◆ ACTIVITY
Search term "msubst": copy each line of the data containing it.

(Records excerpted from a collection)
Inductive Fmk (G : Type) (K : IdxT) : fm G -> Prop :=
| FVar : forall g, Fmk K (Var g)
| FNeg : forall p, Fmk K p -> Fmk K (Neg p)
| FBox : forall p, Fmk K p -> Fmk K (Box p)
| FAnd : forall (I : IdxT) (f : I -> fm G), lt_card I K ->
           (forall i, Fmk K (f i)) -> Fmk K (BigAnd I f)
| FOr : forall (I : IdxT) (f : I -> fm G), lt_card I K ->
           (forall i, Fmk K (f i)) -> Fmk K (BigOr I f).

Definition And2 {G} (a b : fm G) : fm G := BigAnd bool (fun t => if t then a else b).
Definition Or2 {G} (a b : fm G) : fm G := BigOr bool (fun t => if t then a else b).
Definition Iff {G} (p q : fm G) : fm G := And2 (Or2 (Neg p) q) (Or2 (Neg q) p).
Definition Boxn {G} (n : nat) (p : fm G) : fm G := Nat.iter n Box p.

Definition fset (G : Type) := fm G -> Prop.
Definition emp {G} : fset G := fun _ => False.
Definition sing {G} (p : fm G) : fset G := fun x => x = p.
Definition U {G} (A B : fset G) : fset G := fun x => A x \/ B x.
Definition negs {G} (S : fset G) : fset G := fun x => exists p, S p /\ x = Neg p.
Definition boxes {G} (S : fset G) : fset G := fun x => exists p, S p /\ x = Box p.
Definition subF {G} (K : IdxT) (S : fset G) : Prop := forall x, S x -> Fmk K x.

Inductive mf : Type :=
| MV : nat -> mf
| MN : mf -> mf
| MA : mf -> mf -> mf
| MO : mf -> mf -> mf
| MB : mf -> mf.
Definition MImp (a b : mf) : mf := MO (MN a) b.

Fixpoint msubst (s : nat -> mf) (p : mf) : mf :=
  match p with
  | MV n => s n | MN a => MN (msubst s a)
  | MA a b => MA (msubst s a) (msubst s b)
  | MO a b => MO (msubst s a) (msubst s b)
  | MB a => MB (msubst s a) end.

◆ ANSWER BOX
Fixpoint msubst (s : nat -> mf) (p : mf) : mf :=
  | MV n => s n | MN a => MN (msubst s a)
  | MA a b => MA (msubst s a) (msubst s b)
  | MO a b => MO (msubst s a) (msubst s b)
  | MB a => MB (msubst s a) end.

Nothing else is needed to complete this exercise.